-------- AVAILABLE DATA --------

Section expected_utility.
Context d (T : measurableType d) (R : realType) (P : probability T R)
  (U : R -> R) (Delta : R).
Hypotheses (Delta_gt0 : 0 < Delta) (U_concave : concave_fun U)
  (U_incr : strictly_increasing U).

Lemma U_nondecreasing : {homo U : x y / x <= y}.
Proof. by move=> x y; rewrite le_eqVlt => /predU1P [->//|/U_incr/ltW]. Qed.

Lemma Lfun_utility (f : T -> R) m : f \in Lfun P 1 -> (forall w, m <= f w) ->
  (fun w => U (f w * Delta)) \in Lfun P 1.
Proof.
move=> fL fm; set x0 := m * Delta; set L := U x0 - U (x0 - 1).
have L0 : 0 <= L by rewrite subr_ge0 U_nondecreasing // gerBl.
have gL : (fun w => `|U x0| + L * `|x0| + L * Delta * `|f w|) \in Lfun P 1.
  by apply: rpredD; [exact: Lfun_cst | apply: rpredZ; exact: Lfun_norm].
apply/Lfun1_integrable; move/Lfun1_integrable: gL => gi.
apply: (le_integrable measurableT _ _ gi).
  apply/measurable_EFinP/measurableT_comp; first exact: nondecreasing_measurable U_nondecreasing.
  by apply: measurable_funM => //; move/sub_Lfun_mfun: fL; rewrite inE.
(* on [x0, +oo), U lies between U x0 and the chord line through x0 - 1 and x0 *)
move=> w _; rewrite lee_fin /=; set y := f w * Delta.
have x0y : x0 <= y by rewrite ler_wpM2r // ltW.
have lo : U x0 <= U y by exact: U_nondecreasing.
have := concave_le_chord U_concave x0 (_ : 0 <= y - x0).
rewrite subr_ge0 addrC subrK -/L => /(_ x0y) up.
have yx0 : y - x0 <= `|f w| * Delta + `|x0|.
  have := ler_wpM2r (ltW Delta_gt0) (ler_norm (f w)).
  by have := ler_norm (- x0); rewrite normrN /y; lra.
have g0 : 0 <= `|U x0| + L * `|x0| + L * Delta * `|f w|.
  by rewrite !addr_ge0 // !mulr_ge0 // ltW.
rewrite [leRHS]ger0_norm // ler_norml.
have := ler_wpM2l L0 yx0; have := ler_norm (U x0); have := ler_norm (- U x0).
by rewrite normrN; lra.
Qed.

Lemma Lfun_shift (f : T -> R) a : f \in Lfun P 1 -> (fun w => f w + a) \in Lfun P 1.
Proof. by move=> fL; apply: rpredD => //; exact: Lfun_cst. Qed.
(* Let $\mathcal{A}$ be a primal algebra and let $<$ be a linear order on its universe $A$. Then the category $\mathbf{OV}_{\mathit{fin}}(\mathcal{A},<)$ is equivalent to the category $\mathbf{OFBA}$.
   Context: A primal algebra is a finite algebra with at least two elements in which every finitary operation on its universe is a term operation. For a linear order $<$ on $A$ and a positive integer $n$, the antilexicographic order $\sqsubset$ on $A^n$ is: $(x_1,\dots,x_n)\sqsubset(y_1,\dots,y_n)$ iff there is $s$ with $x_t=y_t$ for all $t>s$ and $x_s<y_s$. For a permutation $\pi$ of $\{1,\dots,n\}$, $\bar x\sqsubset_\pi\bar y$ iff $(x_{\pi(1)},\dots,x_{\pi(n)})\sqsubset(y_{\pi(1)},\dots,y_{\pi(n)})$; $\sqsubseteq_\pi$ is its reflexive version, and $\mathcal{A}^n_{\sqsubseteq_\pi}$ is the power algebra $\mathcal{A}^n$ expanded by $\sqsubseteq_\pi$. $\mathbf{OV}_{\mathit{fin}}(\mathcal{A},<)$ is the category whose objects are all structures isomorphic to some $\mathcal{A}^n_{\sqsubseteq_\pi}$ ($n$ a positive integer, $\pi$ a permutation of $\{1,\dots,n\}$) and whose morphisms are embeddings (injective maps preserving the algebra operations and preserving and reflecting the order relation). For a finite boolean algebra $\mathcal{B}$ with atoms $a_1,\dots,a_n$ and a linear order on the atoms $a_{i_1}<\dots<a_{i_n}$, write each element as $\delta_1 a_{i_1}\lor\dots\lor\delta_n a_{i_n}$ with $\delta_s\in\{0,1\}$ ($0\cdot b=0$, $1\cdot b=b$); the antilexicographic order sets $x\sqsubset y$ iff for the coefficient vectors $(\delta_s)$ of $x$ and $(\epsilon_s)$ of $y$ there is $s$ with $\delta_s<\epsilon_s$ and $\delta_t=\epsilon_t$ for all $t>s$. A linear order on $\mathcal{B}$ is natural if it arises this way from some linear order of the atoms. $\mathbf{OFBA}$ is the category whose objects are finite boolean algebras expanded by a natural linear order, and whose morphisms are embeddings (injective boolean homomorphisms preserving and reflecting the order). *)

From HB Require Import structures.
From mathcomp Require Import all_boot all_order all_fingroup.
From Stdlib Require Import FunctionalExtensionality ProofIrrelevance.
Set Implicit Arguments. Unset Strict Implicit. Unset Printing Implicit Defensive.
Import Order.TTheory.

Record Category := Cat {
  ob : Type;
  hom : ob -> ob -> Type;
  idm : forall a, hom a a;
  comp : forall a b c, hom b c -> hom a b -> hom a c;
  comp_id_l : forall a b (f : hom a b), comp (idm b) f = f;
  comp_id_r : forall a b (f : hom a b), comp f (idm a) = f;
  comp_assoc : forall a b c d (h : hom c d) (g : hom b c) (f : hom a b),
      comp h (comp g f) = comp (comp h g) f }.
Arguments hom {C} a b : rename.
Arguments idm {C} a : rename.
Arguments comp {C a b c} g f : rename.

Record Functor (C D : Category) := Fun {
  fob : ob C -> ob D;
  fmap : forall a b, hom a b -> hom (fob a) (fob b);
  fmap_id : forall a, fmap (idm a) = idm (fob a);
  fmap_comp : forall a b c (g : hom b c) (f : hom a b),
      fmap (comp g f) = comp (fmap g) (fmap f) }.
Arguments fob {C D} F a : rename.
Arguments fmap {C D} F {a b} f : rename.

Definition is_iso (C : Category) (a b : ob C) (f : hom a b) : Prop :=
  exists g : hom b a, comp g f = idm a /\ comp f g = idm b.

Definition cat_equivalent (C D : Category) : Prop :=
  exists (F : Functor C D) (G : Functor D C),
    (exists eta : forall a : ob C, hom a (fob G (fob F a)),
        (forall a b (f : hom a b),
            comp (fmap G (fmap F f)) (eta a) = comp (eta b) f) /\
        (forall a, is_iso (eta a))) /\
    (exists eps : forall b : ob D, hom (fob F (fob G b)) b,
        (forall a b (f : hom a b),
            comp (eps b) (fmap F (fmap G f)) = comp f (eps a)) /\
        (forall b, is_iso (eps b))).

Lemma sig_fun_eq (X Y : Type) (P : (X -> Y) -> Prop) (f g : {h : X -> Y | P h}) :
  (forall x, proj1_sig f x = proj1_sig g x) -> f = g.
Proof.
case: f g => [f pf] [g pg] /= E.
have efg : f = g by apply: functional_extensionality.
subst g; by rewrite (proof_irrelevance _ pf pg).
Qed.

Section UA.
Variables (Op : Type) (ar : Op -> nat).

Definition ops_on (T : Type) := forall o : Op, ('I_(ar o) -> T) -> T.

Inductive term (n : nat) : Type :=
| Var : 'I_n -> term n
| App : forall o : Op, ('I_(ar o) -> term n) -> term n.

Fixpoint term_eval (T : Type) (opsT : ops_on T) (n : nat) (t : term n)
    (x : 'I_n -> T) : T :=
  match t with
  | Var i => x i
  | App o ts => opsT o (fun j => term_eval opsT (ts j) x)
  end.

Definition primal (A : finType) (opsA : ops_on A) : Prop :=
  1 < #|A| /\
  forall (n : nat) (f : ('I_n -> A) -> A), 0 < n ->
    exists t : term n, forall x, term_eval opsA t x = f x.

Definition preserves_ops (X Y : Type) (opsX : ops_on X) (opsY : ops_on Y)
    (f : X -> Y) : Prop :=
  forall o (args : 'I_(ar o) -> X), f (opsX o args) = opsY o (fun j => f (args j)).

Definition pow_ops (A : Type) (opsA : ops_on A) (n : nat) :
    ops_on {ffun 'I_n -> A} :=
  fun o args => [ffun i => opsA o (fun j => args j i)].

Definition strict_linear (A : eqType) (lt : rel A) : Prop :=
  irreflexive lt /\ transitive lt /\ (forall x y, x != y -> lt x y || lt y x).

--------

Lines after the one containing "have gL : (fun" are not part of the task. Output the entries exactly from their first line through that one.

■ **SOLUTION BELOW**:
Section expected_utility.
Context d (T : measurableType d) (R : realType) (P : probability T R)
  (U : R -> R) (Delta : R).
Hypotheses (Delta_gt0 : 0 < Delta) (U_concave : concave_fun U)
  (U_incr : strictly_increasing U).

Lemma U_nondecreasing : {homo U : x y / x <= y}.
Proof. by move=> x y; rewrite le_eqVlt => /predU1P [->//|/U_incr/ltW]. Qed.

Lemma Lfun_utility (f : T -> R) m : f \in Lfun P 1 -> (forall w, m <= f w) ->
  (fun w => U (f w * Delta)) \in Lfun P 1.
Proof.
move=> fL fm; set x0 := m * Delta; set L := U x0 - U (x0 - 1).
have L0 : 0 <= L by rewrite subr_ge0 U_nondecreasing // gerBl.
have gL : (fun w => `|U x0| + L * `|x0| + L * Delta * `|f w|) \in Lfun P 1.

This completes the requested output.